If the court were to decide in favor of the plantiffs, thus shuting down Grokster and probably outlawing P2P, the effect on the technological inovation would be catasrophic. As noted in the CS professors breif, this would create an environment that necessitated that all new technologies are safe guarded against possible infringing uses. This would effect both the cost, and development time hurting both, and resulting in products that are watered down and which lack functionality for the sake of safety from lawsuits. The fear of legal action against new technologies would stunt investment and slow the advance of technology to a crawl. There is also the issue of what this does to the Betamax precedent. To rule against Grokster would require at least a clarification of Betamax and would create a grey area between Betamax which is legal, and Grokster which is not in which CD burners, iPods, and Tivo would lie. Without the protection of Betamax these grey technologies could potentially all be brought to court for their infringing uses, which would continually redraw the line for legality in recording equipment. This would be an economic nightmare that I don’t think the court is eager to bring about. So what happens if they instead decide for Grokster?

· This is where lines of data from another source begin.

(* Consider a single advertiser in a single-slot hybrid auction, with per-click value $v>0$. The advertiser's belief about its click-through rate is a random variable $\mathcal{P}$ on $[0,1]$ equal to the auctioneer's prior, with mean $p=\mathbb{E}[\mathcal{P}]>0$, and the auctioneer's index equals $q=p$. The advertiser submits a bid $(m,c)$ (per-impression and per-click), and has effective bid $\max(m,cq)$; if $R$ denotes the highest competing effective bid, the advertiser obtains the impression iff its effective bid exceeds $R$, paying $R$ per impression if $m>cq$ and $R/q$ per click otherwise. The advertiser has a utility function $U:\mathbb{R}\to\mathbb{R}$ that is monotone increasing with monotone derivative and $U(0)=0$, and, writing $I_R$ for the indicator that it obtains the impression, it evaluates a bid by $I_R\cdot \mathbb{E}[U(v\mathcal{P}-R)]$ if it is charged per impression and $I_R\cdot\mathbb{E}[U(v\mathcal{P}-R\mathcal{P}/p)]$ if it is charged per click (so that it seeks to maximize $I_R\cdot\max(\mathbb{E}[U(v\mathcal{P}-R)],\mathbb{E}[U(v\mathcal{P}-R\mathcal{P}/p)])$). Then: if $U$ is concave, bidding $(0,v)$ is a dominant strategy; if $U$ is convex, there is a dominant strategy of the form $(m,0)$ for a suitably chosen $m$.
   Context: A strategy is dominant if for every value of the highest competing effective bid $R$ it achieves the maximum possible value of the advertiser's objective. *)

From HB Require Import structures.
From mathcomp Require Import all_boot all_order all_algebra.
From mathcomp Require Import all_classical all_reals all_analysis.
Set Implicit Arguments. Unset Strict Implicit. Unset Printing Implicit Defensive.
Import Order.TTheory GRing.Theory Num.Theory.
Local Open Scope ring_scope.

Definition concave_fun (R : realType) (U : R -> R) : Prop :=
  forall (x y t : R), 0 <= t <= 1 ->
    t * U x + (1 - t) * U y <= U (t * x + (1 - t) * y).

Definition convex_fun (R : realType) (U : R -> R) : Prop :=
  forall (x y t : R), 0 <= t <= 1 ->
    U (t * x + (1 - t) * y) <= t * U x + (1 - t) * U y.

Definition objective (d : measure_display) (T : measurableType d) (R : realType)
  (P : probability T R) (X : T -> R) (v : R) (U : R -> R)
  (m c Rc : R) : \bar R :=
  let p : R := fine (expectation P X) in
  let q : R := p in
  if (Rc < Num.max m (c * q))%R then
    (if (c * q < m)%R then expectation P (fun w => U (v * X w - Rc)%R)
     else expectation P (fun w => U (v * X w - Rc * X w / p)%R))
  else 0%E.

Definition dominant (d : measure_display) (T : measurableType d) (R : realType)
  (P : probability T R) (X : T -> R) (v : R) (U : R -> R) (m c : R) : Prop :=
  forall Rc : R, 0 <= Rc ->
    forall m' c' : R, 0 <= m' -> 0 <= c' ->
      (objective P X v U m' c' Rc <= objective P X v U m c Rc)%E.

From HB Require Import structures.
From mathcomp Require Import all_boot all_order all_algebra.
From mathcomp Require Import all_classical all_reals all_analysis.
From mathcomp Require Import ring lra.
Set Implicit Arguments. Unset Strict Implicit. Unset Printing Implicit Defensive.
Import Order.TTheory GRing.Theory Num.Theory numFieldNormedType.Exports.
Local Open Scope classical_set_scope.
Local Open Scope ring_scope.

(* Write k = v - R/p, so that vP - R = kP + (R/p)(P - p), while paying per click
   leaves the advertiser U(kP).  For concave U, the tangent at kP and the fact
   that U' is nonincreasing give U(vP - R) <= U(kP) + (R/p) U'(kp) (P - p), whose
   expectation is E[U(kP)]: for k >= 0 paying per click is at least as good,
   while for k <= 0 both payment modes are worth at most 0 (Jensen for the
   per-impression one).  The bid (0, v) wins exactly when R < vp, so it is
   dominant.  For convex U the inequality reverses, so the per-impression value
   a(R) = E[U(vP - R)] is the best achievable; a is nonincreasing and changes
   sign once, at some m, and the bid (m, 0) wins exactly when R < m. *)

Lemma concave_le_tangent (R : realType) (U : R -> R) x y :
  concave_fun U -> derivable U x 1 -> U y <= U x + derive1 U x * (y - x).
Proof.
move=> cU dx.
have dU : differentiable U x by apply/derivable1_diffP.
set d := y - x.
have hD : 'D_d U x = d * derive1 U x.
  rewrite deriveE // derive1E' //.
  by rewrite -{1}[d]mulr1 -[d * 1]/(d *: (1:R)) linearZ.
have cv : (fun h => h^-1 *: (U (h *: d + x) - U x)) @ 0^' --> 'D_d U x.
  exact: diff_derivable.
have cv' : (fun h => h^-1 *: (U (h *: d + x) - U x)) @ 0^'+ --> 'D_d U x.
  move=> A /cv /nbhs_ballP [_ /posnumP[e] xe_A].
  exists e%:num => //= z xe_z; rewrite lt_def => /andP [zne _]; exact: xe_A.
have : U y - U x <= 'D_d U x.
  apply: (cvgr_to_ge cv'); near=> h.
  have h0 : 0 < h by near: h; exact: nbhs_right_gt.
  have h1 : h <= 1 by near: h; exact: nbhs_right_le.
  have chord : h * U y + (1 - h) * U x <= U (h * y + (1 - h) * x).
    by apply: cU; rewrite ltW ?h1.
  have -> : h *: d + x = h * y + (1 - h) * x.
    by rewrite /GRing.scale/= /d; ring.
  rewrite /= /GRing.scale /= -(ler_pM2l h0) mulrA mulfV ?gt_eqF // mul1r.
  lra.
by rewrite hD mulrC lerBlDl.
Unshelve. all: end_near. Qed.

Lemma convex_fun_concaveN (R : realType) (U : R -> R) :
  convex_fun U -> concave_fun (- U).
Proof. by move=> cU x y t /cU; rewrite /= !mulrN -opprD lerN2. Qed.

Lemma convex_ge_tangent (R : realType) (U : R -> R) x y :
  convex_fun U -> derivable U x 1 -> U x + derive1 U x * (y - x) <= U y.
Proof.
move=> /convex_fun_concaveN cU dx.
have := concave_le_tangent y cU (derivableN dx).
rewrite derive1N // !fctE mulNr; lra.
Qed.

Lemma concave_derive1_nonincr (R : realType) (U : R -> R) x y :
  concave_fun U -> (forall z, derivable U z 1) ->
  x <= y -> derive1 U y <= derive1 U x.
Proof.
move=> cU dU; rewrite le_eqVlt => /orP[/eqP -> //|xy].
have := concave_le_tangent y cU (dU x); have := concave_le_tangent x cU (dU y).
move=> t1 t2; have : 0 <= (derive1 U x - derive1 U y) * (y - x) by lra.
by rewrite pmulr_lge0 ?subr_gt0 // subr_ge0.
Qed.

Lemma convex_derive1_nondecr (R : realType) (U : R -> R) x y :
  convex_fun U -> (forall z, derivable U z 1) ->
  x <= y -> derive1 U x <= derive1 U y.
Proof.
move=> /convex_fun_concaveN cU dU xy.
have dNU z : derivable (- U) z 1 by exact: derivableN.
by have := concave_derive1_nonincr cU dNU xy; rewrite !derive1N // lerN2.
Qed.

A decision in Groksters favor could have equally damaging effects. Since it is hardly disputable that illegal infringment does occur via the Grokster software, ruling it legal because of it’s non infringing qualities would say that it’s ok to break the law as long as you’re inovative. The Sony Betamax may have been similar in that it was found to be ok by the court under the substantial noninfringing use test, but in the case of Betamax the main use (time shifting) was noninfringing which isn’t the case for Grokster for which the vast majority of it’s use is for illegal purposes. Because Grokster is so widely used to violate copyright it’s validation by the court would set the limit for allowable illegal activity in inovative products at much too high a level. This would certainly be abused by future technologies, desiged for purposefully illegal activities but innovative so that they are immune to liability. This too is a situation that the court would probably like to avoid. So what are they to do?

The best solution to the situation is a compromise that protects copyright owners rights as well as fosters an environment hospitable to innovation. This type of solution would be easiest to get from Congress where laws could be tailored to the issues that file sharing poses rather than in the courts where existing laws would have to be contorted and shaped to make sense in the context of a technology they may never have forseen. The court tried to hand Betamax to congress but nothing ever happened in Congress about it. I think that this is the right course of action here too, but the court should be careful to insure that Congress is more interested in dealing with it than they were for Betamax.